First he had to be sure that there was a time distortion between the 
diamonds, and all he had to do for that was switch it on. It was only a 
blank wall behind the gemstones, so if time was metamorphing, it would 
be difficult to tell, so he walked back out into the kitchen and took 
down a calender with a picture of a running leopard. It was quite apt, 
he thought, as the photographer had caught a snapshot of time. Time was 
frozen for the leopard. 

He took it down into the basement and sellotaped it to the wall between
the diamonds. If the leopard distorted when he turned everything on, 
then he knew it should work. To turn everything on, all he had to do 
was press the switches on the walls, next to where it was all plugged 
in. He didn't know why he was hesitant, perhaps it was in case nothing 
happened, or perhaps it was the fame of having invented a time machine. 
He proceeded to press the switches, but stopped at the last. 

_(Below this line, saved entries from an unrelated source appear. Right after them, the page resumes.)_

Lemma hadj_mulmx_eq0 p q (M : 'M[C]_(p, q)) : hadj M *m M = 0 -> M = 0.
Proof.
move=> /matrixP M0; apply/matrixP=> i j; rewrite mxE.
have /eqP : \sum_k (M k j)^* * M k j = 0.
  transitivity ((hadj M *m M) j j); last by rewrite M0 mxE.
  by rewrite mxE; apply: eq_bigr => k _; rewrite !mxE.
rewrite psumr_eq0 => [/allP/(_ i (mem_index_enum i))|k _]; last first.
  by rewrite mulrC mul_conjC_ge0.
by rewrite mulrC mul_conjC_eq0 => /eqP.
Qed.

Lemma tensmxDl p q p' q' (A A' : 'M[C]_(p, q)) (B : 'M[C]_(p', q')) :
  (A + A') *t B = A *t B + A' *t B.
Proof. by apply/matrixP=> i j; rewrite !mxE mulrDl. Qed.

Lemma tensmxDr p q p' q' (A : 'M[C]_(p, q)) (B B' : 'M[C]_(p', q')) :
  A *t (B + B') = A *t B + A *t B'.
Proof. by apply/matrixP=> i j; rewrite !mxE mulrDr. Qed.

Lemma tensmxZl p q p' q' c (A : 'M[C]_(p, q)) (B : 'M[C]_(p', q')) :
  (c *: A) *t B = c *: (A *t B).
Proof. by apply/matrixP=> i j; rewrite !mxE mulrA. Qed.

Lemma tensmxZr p q p' q' c (A : 'M[C]_(p, q)) (B : 'M[C]_(p', q')) :
  A *t (c *: B) = c *: (A *t B).
Proof. by apply/matrixP=> i j; rewrite !mxE mulrCA. Qed.

Lemma tensmx_suml p q p' q' (I : finType) (F : I -> 'M[C]_(p, q)) (B : 'M[C]_(p', q')) :
  (\sum_i F i) *t B = \sum_i (F i *t B).
Proof. exact: (big_morph (fun A => A *t B) (fun A A' => tensmxDl A A' B) (tens0mx _)). Qed.

Lemma tensmx_sumr p q p' q' (I : finType) (A : 'M[C]_(p, q)) (F : I -> 'M[C]_(p', q')) :
  A *t (\sum_i F i) = \sum_i (A *t F i).
Proof. exact: (big_morph (fun B => A *t B) (tensmxDr A) (tensmx0 _)). Qed.

Lemma tensmx11 p q : (1%:M : 'M[C]_p) *t (1%:M : 'M[C]_q) = 1%:M.
Proof.
apply/matrixP=> i j; case: (mxtens_indexP i) => a b; case: (mxtens_indexP j) => c d.
rewrite tensmxE !mxE (inj_eq (can_inj (@mxtens_indexK p q))) xpair_eqE.
by case: (a == c); case: (b == d); rewrite /= ?(mul1r, mul0r).
Qed.

End AdjointTensor.

Section Reshape.
Variable C : numClosedFieldType.
Implicit Types p q r : nat.

Lemma big_mxtens p q (F : 'I_(p * q) -> C) :
  \sum_k F k = \sum_(i < p) \sum_(j < q) F (mxtens_index (i, j)).
Proof.
rewrite pair_big /=; apply: reindex; exists (@mxtens_unindex p q) => k _.
  by rewrite mxtens_indexK; case: k.
by rewrite mxtens_unindexK.
Qed.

He took a deep breath, and pressed it. With avid curiosity, he stood
watching the leopard between the diamonds. The electricity flowed 
through the equipment on both tables, generating a low humming sound 
which seemed to grow louder as the power flowed through. It reached the 
diamonds, and they glowed bright red, proof of the fact that it was 
converting to alpha radiation. The leopard looked no different, there 
didn't seem to be any interaction between each diamond, but the droning 
sound grew to be deafening, and the gems grew brighter, glowing like 
scarlet stars. 

It was then that he saw that the leopard was becoming blurred, but it
looked like it was running. Time was indeed becoming distorted, and 
before his mind went blank, he was aware that his feet were no longer 
touching the floor. 

He woke up where he previously had been sitting, in his armchair in the
living room, staring at the candle-flame with no memory at all of what 
had happened. He couldn't have any memory of it as it hadn't happened 
yet. He had indeed managed to invent the time machine, and it had sent 
him back ten minutes. The thing was, as all things that had happened in 
the past, have indeed happened, he had no freewill. This meant that he 
had exactly the same thoughts, and performed the same actions as he did 
previously. He still contemplated his time machine, wondering whether 
or not it would work, and would continue this cycle forever, inventing 
two things at the same time. The time machine and immortality.